* _Work order_: From the listing, collect all lines containing the word "split".

(Information supplied Opens)

(* There is an absolute constant $c>0$ such that for all integers $n>f\ge 1$ there exists an $n$-vertex graph $G^*=(V,E)$ such that every $f$-EFD connectivity certificate $H$ of $G^*$ has at least $c\, f n \log(n/f)$ edges.
   Context: For a graph $G=(V,E)$ and a set of edges $F\subseteq E$, $\deg(F)$ denotes the maximum over vertices $x$ of the number of edges of $F$ incident to $x$. A subgraph $H\subseteq G$ (on the same vertex set) is an $f$-EFD connectivity certificate of $G$ if for every $F\subseteq E$ with $\deg(F)\le f$ and every pair $u,v\in V$, $u$ and $v$ are connected in $H-F$ if and only if they are connected in $G-F$ (where $G-F$ is $G$ with the edges of $F$ removed). *)

From mathcomp Require Import all_boot.
From Stdlib Require Import Reals.
Set Implicit Arguments. Unset Strict Implicit. Unset Printing Implicit Defensive.

Definition simple_graph (n : nat) (E : {set {set 'I_n}}) : Prop :=
  forall e, e \in E -> #|e| = 2.

Definition degF (n : nat) (F : {set {set 'I_n}}) : nat :=
  \max_(x : 'I_n) #|[set e in F | x \in e]|.

Definition adj_minus (n : nat) (E F : {set {set 'I_n}}) : rel 'I_n :=
  fun x y => [set x; y] \in E :\: F.

Definition connected_minus (n : nat) (E F : {set {set 'I_n}}) (u v : 'I_n) : bool :=
  connect (adj_minus E F) u v.

Definition EFD_certificate (n f : nat) (E H : {set {set 'I_n}}) : Prop :=
  H \subset E /\
  forall F : {set {set 'I_n}}, F \subset E -> degF F <= f ->
    forall u v : 'I_n, connected_minus H F u v = connected_minus E F u v.

From mathcomp Require Import all_boot zify.
Set Implicit Arguments. Unset Strict Implicit. Unset Printing Implicit Defensive.

(* Blow up the d-dimensional hypercube: replace each vertex by k copies and
   each edge by a complete bipartite graph K_{k,k}.  For an edge e in
   direction i, deleting the other direction-i edges is a fault set of degree
   at most k, after which e is the only edge crossing the cut between the two
   halves {t_i = 0} and {t_i = 1} of the cube.  Hence for k <= f every f-EFD
   certificate keeps all d 2^(d-1) k^2 edges.  Taking k = f and 2^d about n/f
   gives the bound f n log(n/f) up to a constant; when n < 2f take d = 1 and
   k = n/2. *)

Lemma set2_asym_inj (T : finType) (r : rel T) (p q p' q' : T) :
  (forall x y, r x y -> ~~ r y x) -> r p q -> r p' q' ->
  [set p; q] = [set p'; q'] -> (p, q) = (p', q').
Proof.
move=> asym rpq rpq' epq.
have neq x y : r x y -> x != y.
  by move=> rxy; apply: contraTneq rxy => ->; apply/negP => ryy; case/negP: (asym _ _ ryy).
have mem2 x : x \in [set p; q] -> x = p' \/ x = q' by rewrite epq => /set2P.
case: (mem2 p (set21 p q)) => [epp' | epq'].
  case: (mem2 q (set22 p q)) => [eqp' | ->]; last by rewrite epp'.
  by case/eqP: (neq _ _ rpq); rewrite epp' eqp'.
case: (mem2 q (set22 p q)) => [eqp' | eqq'].
  by move: (asym _ _ rpq'); rewrite -eqp' -epq' rpq.
by case/eqP: (neq _ _ rpq); rewrite epq' eqq'.
Qed.

Lemma degF_subset (n : nat) (F F' : {set {set 'I_n}}) :
  F \subset F' -> degF F <= degF F'.
Proof.
move=> sFF'; apply/bigmax_leqP => x _; apply: leq_trans (leq_bigmax x).
by apply/subset_leq_card/subsetP => e; rewrite !inE => /andP[/(subsetP sFF') -> ->].
Qed.

Lemma certificate_mem_bridge (n f : nat) (E H F : {set {set 'I_n}})
    (Q : pred 'I_n) (u v : 'I_n) :
  EFD_certificate f E H -> F \subset E -> degF F <= f ->
  [set u; v] \in E :\: F -> Q u != Q v ->
  (forall x y, [set x; y] \in (E :\: F) :\ [set u; v] -> Q x = Q y) ->
  [set u; v] \in H.
Proof.
move=> [sHE certH] sFE degF_le uvE Quv Qcut; apply: contraNT Quv => uvNH.
have Qclosed : closed (adj_minus H F) Q.
  move=> x y; rewrite /adj_minus => xyH; apply: Qcut.
  rewrite !inE; case/setDP: xyH => xyH ->; rewrite (subsetP sHE _ xyH) !andbT.
  by apply: contraNneq uvNH => <-.
rewrite -/(Q \in _) in Qclosed *.
apply/eqP/(closed_connect Qclosed).
by rewrite [connect _ _ _](certH F sFE degF_le) /connected_minus connect1.
Qed.

Section BlownUpCube.
Variables (n d k : nat).
Hypothesis cube_fits : 2 ^ d * k <= n.

Definition cube := {ffun 'I_d -> bool}.
Definition vertex := (cube * 'I_k)%type.

Lemma card_vertex_le : #|{: vertex}| <= n.
Proof. by rewrite card_prod card_ffun card_bool !card_ord. Qed.

Definition embed (v : vertex) : 'I_n := widen_ord card_vertex_le (enum_rank v).

Lemma embed_inj : injective embed.
Proof. by move=> v w /(congr1 val) /= /val_inj /enum_rank_inj. Qed.

Definition flip (i : 'I_d) (t : cube) : cube :=
  [ffun j => if j == i then ~~ t j else t j].

Lemma flipK i : involutive (flip i).
Proof. by move=> t; apply/ffunP => j; rewrite !ffunE; case: eqP => // ->; rewrite negbK. Qed.

Lemma flip_id i t : flip i t i = ~~ t i.
Proof. by rewrite ffunE eqxx. Qed.

Lemma flip_ne i j t : j != i -> flip i t j = t j.
Proof. by rewrite ffunE => /negPf ->. Qed.

Lemma flip_neq i t : t != flip i t.
Proof. by apply/eqP => /(congr1 (fun u : cube => u i)); rewrite flip_id; case: (t i). Qed.

(* The code (i, t, a, b), with t i = false, stands for the edge joining copy a
   of the cube vertex t to copy b of its neighbour flip i t. *)
Definition code := ('I_d * cube * 'I_k * 'I_k)%type.

Definition dir (x : code) : 'I_d := x.1.1.1.
Definition base (x : code) : cube := x.1.1.2.
Definition lo (x : code) : vertex := (base x, x.1.2).
Definition hi (x : code) : vertex := (flip (dir x) (base x), x.2).

Definition codes : {set code} := [set x | ~~ base x (dir x)].

Definition edge_of (x : code) : {set 'I_n} := [set embed (lo x); embed (hi x)].

Definition cube_graph : {set {set 'I_n}} := edge_of @: codes.

Definition dir_class (i : 'I_d) : {set {set 'I_n}} :=
  edge_of @: [set x in codes | dir x == i].

Lemma cube_graph_simple : simple_graph cube_graph.
Proof.
move=> _ /imsetP[x _ ->]; rewrite cards2 (inj_eq embed_inj).
suff -> : lo x != hi x by [].
by apply: contraNneq (flip_neq (dir x) (base x)) => /(congr1 fst) /eqP.
Qed.

Definition cube_lt (v w : vertex) : bool :=
  (v.1 != w.1) && [forall j, v.1 j ==> w.1 j].

Lemma cube_lt_asym v w : cube_lt v w -> ~~ cube_lt w v.
Proof.
case/andP=> /eqP neq /forallP vw; apply/andP => -[_ /forallP wv].
by apply: neq; apply/ffunP => j; move: (vw j) (wv j); case: (v.1 j); case: (w.1 j).
Qed.

Lemma cube_lt_lo_hi x : x \in codes -> cube_lt (lo x) (hi x).
Proof.
rewrite inE => tNi; apply/andP; split; first exact: flip_neq.
apply/forallP => j /=; case: (eqVneq j (dir x)) => [-> | nj].
  by rewrite (negPf tNi).
by rewrite flip_ne // implybb.
Qed.

Lemma edge_of_inj : {in codes &, injective edge_of}.
Proof.
move=> x y xc yc exy.
have lohi : [set lo x; hi x] = [set lo y; hi y].
  by apply: (imset_inj embed_inj); rewrite !imsetU1 !imset_set1.
case: (set2_asym_inj cube_lt_asym (cube_lt_lo_hi xc) (cube_lt_lo_hi yc) lohi).
move: x y xc {yc exy lohi} => [[[i t] a] b] [[[j s] a'] b'].
rewrite inE /lo /hi /dir /base /= => ti <- <- eflip <-.
case: (eqVneq i j) => [-> // | nij].
move: eflip => /(congr1 (fun u : cube => u i)).
by rewrite flip_id flip_ne // (negPf ti).
Qed.

Definition toggle (x : code) : code := (dir x, flip (dir x) (base x), x.1.2, x.2).

Lemma toggleK : involutive toggle.
Proof. by case=> [[[i t] a] b]; rewrite /toggle /dir /base /= flipK. Qed.

Lemma card_cube_graph : d * 2 ^ d * k * k <= 2 * #|cube_graph|.
Proof.
have -> : d * 2 ^ d * k * k = #|{: code}|.
  by rewrite !card_prod card_ffun card_bool !card_ord.
rewrite card_in_imset; last exact: edge_of_inj.
rewrite -(cardsC codes) mul2n -addnn leq_add2l.
rewrite -(card_imset (~: codes) (inv_inj toggleK)); apply/subset_leq_card/subsetP.
by move=> _ /imsetP[x xNc ->]; move: xNc; rewrite !inE /toggle /dir /base /= flip_id.
Qed.

Lemma degF_dir_class i : degF (dir_class i) <= k.
Proof.
apply/bigmax_leqP => z _.
case: (pickP (fun v : vertex => embed v == z)) => [[s c] /eqP <- | zNembed].
  apply: (@leq_trans #|[set [set embed (s, c); embed (flip i s, b)] | b : 'I_k]|).
    2: by rewrite -[X in _ <= X](card_ord k) leq_imset_card.
  apply/subset_leq_card/subsetP => e; rewrite !inE => /andP[/imsetP[x + ->]].
  move: x => [[[j t] a] b]; rewrite !inE /lo /hi /dir /base /= => /andP[_ /eqP ->].
  case/orP=> /eqP /embed_inj [-> ->]; first exact: imset_f.
  by apply/imsetP; exists a; rewrite // flipK setUC.
suff -> : [set e in dir_class i | z \in e] = set0 by rewrite cards0.
apply/setP => e; rewrite !inE; apply/negbTE/andP => -[/imsetP[x _ ->]].
by case/set2P=> /esym /eqP; rewrite zNembed.
Qed.

Definition side (i : 'I_d) (z : 'I_n) : bool := z \in embed @: [set v : vertex | v.1 i].

Lemma side_embed i v : side i (embed v) = v.1 i.
Proof. by rewrite /side mem_imset ?inE //; apply: embed_inj. Qed.

Lemma side_edge_of i x z : dir x != i -> z \in edge_of x -> side i z = base x i.
Proof. by move=> nxi /set2P[] ->; rewrite side_embed //= flip_ne // eq_sym. Qed.

Lemma cube_graph_sub_certificate f H :
  k <= f -> EFD_certificate f cube_graph H -> cube_graph \subset H.
Proof.
move=> kf certH; apply/subsetP => _ /imsetP[x xc ->].
pose F := dir_class (dir x) :\ edge_of x.
have sFE : F \subset cube_graph.
  apply: subset_trans (subD1set _ _) (imsetS _ _).
  by apply/subsetP => y; rewrite inE => /andP[].
have degF_le : degF F <= f.
  exact: leq_trans (degF_subset (subD1set _ _)) (leq_trans (degF_dir_class _) kf).
apply: (certificate_mem_bridge (Q := side (dir x)) certH sFE degF_le).
- by rewrite !inE eqxx /=; apply: imset_f.
- by move: xc; rewrite inE !side_embed /= flip_id; case: (base x _).
move=> y z /setD1P[neq /setDP[/imsetP[x' x'c exyz] yzNF]].
have nx' : dir x' != dir x.
  apply: contraNneq yzNF => ex'; rewrite !inE neq exyz imset_f //.
  by rewrite inE x'c ex' eqxx.
rewrite (side_edge_of nx' (_ : y \in edge_of x')) -?exyz ?set21 //.
by rewrite (side_edge_of nx' (_ : z \in edge_of x')) -?exyz ?set22.
Qed.

Lemma cube_graph_certificate_card f H :
  k <= f -> EFD_certificate f cube_graph H -> d * 2 ^ d * k * k <= 2 * #|H|.
Proof.
move=> kf certH; apply: leq_trans card_cube_graph _.
by rewrite leq_mul2l subset_leq_card ?orbT // (cube_graph_sub_certificate kf certH).
Qed.

End BlownUpCube.

Lemma blown_up_cube_certificate_card (n f d k : nat) :
  k <= f -> 2 ^ d * k <= n ->
  exists E : {set {set 'I_n}}, simple_graph E /\
    forall H, EFD_certificate f E H -> d * 2 ^ d * k * k <= 2 * #|H|.
Proof.
move=> kf fits; exists (cube_graph fits); split; first exact: cube_graph_simple.
by move=> H; apply: cube_graph_certificate_card.
Qed.

Lemma certificate_lower_bound_nat (n f : nat) : 0 < f -> f < n ->
  exists d (E : {set {set 'I_n}}), n < 2 ^ d.+1 * f /\ simple_graph E /\
    forall H, EFD_certificate f E H -> f * n * d.+1 <= 16 * #|H|.
Proof.
move=> f_gt0 f_lt_n; case: (leqP (2 * f) n) => [two_f_le | n_lt_two_f].
  pose d := trunc_log 2 (n %/ f).
  have ratio_ge2 : 2 <= n %/ f by rewrite leq_divRL // mulnC.
  have d_gt0 : 0 < d by rewrite trunc_log_gt0.
  have fits : 2 ^ d * f <= n.
    apply: leq_trans (leq_divM n f); rewrite leq_mul2r trunc_logP ?orbT //.
    exact: leq_trans ratio_ge2.
  have n_lt : n < 2 ^ d.+1 * f.
    apply: leq_trans (ltn_ceil n f_gt0) _.
    by rewrite leq_mul2r trunc_log_ltn ?orbT.
  have [E [simpleE cardE]] := blown_up_cube_certificate_card (leqnn f) fits.
  exists d, E; split=> //; split=> // H /cardE.
  have : f * n * d.+1 <= f * (2 ^ d.+1 * f) * (2 * d).
    by apply: leq_mul; [rewrite leq_mul2l ltnW ?orbT | lia].
  rewrite expnS; lia.
have [E [simpleE cardE]] :=
  @blown_up_cube_certificate_card n f 1 (n %/ 2) ltac:(lia) ltac:(rewrite expn1; lia).
exists 0, E; split; first by rewrite expn1.
split=> // H /cardE; rewrite expn1 => cardH.
have : f * n <= 3 * (n %/ 2) * (3 * (n %/ 2)) by apply: leq_mul; lia.
lia.
Qed.

(* Imported only now: Reals rebinds [^] on nat to [Nat.pow], which the ssrnat
   lemmas about [expn] used above do not recognise. *)
From Stdlib Require Import Reals Lra.

Lemma INR_expn (m d : nat) : INR (expn m d) = (INR m ^ d)%R.
Proof. by elim: d => // d IHd; rewrite expnS mult_INR IHd. Qed.

Lemma ln2_lt1 : (ln 2 < 1)%R.
Proof.
rewrite -[X in (_ < X)%R]ln_exp; apply: ln_increasing; first lra.
by have := exp_ineq1 1; lra.
Qed.

Lemma ln_ratio_lt (x y : R) (d : nat) :
  (0 < x)%R -> (0 < y)%R -> (x < 2 ^ d.+1 * y)%R -> (ln (x / y) < INR d.+1)%R.
Proof.
move=> x_gt0 y_gt0 x_lt.
have ratio_lt : (x / y < 2 ^ d.+1)%R.
  apply: (Rmult_lt_reg_r y) => //.
  by rewrite /Rdiv Rmult_assoc Rinv_l ?Rmult_1_r //; lra.
apply: (Rlt_le_trans _ (ln (2 ^ d.+1))).
  by apply: ln_increasing => //; apply: Rdiv_lt_0_compat.
rewrite ln_pow; last lra.
have := ln2_lt1; have := pos_INR d.+1; nra.
Qed.

Theorem mainTheorem2 :
  exists c : R, (0 < c)%R /\
    forall n f : nat, (1 <= f)%N -> (f < n)%N ->
      exists E : {set {set 'I_n}}, simple_graph E /\
        forall H : {set {set 'I_n}}, EFD_certificate f E H ->
          (c * INR f * INR n * ln (INR n / INR f) <= INR #|H|)%R.
Proof.
exists (1 / 16)%R; split; first lra.
move=> n f f_gt0 f_lt_n.
have [d [E [n_lt [simpleE cardE]]]] := certificate_lower_bound_nat f_gt0 f_lt_n.
exists E; split=> // H /cardE /leP /le_INR; rewrite !mult_INR => cardH.
have f_gt0R : (0 < INR f)%R by apply/lt_0_INR/ltP.
have n_gt0R : (0 < INR n)%R by apply/lt_0_INR/ltP/(ltn_trans f_gt0).
have n_ltR : (INR n < 2 ^ d.+1 * INR f)%R.
  have INR2 : INR 2 = 2%R by rewrite /=; lra.
  by move/ltP/lt_INR: n_lt; rewrite mult_INR INR_expn INR2.
have ln_lt := ln_ratio_lt n_gt0R f_gt0R n_ltR.
have fn_ge0 : (0 <= INR f * INR n)%R by apply: Rmult_le_pos; apply: pos_INR.
have := Rmult_le_compat_l _ _ _ fn_ge0 (Rlt_le _ _ ln_lt).
move: cardH; rewrite [INR 16]/=; lra.
Qed.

(Information supplied Closes)

* _Task solution_:
rewrite inE => tNi; apply/andP; split; first exact: flip_neq.
move=> kf fits; exists (cube_graph fits); split; first exact: cube_graph_simple.
  exists d, E; split=> //; split=> // H /cardE.
exists 0, E; split; first by rewrite expn1.
split=> // H /cardE; rewrite expn1 => cardH.
exists (1 / 16)%R; split; first lra.
exists E; split=> // H /cardE /leP /le_INR; rewrite !mult_INR => cardH.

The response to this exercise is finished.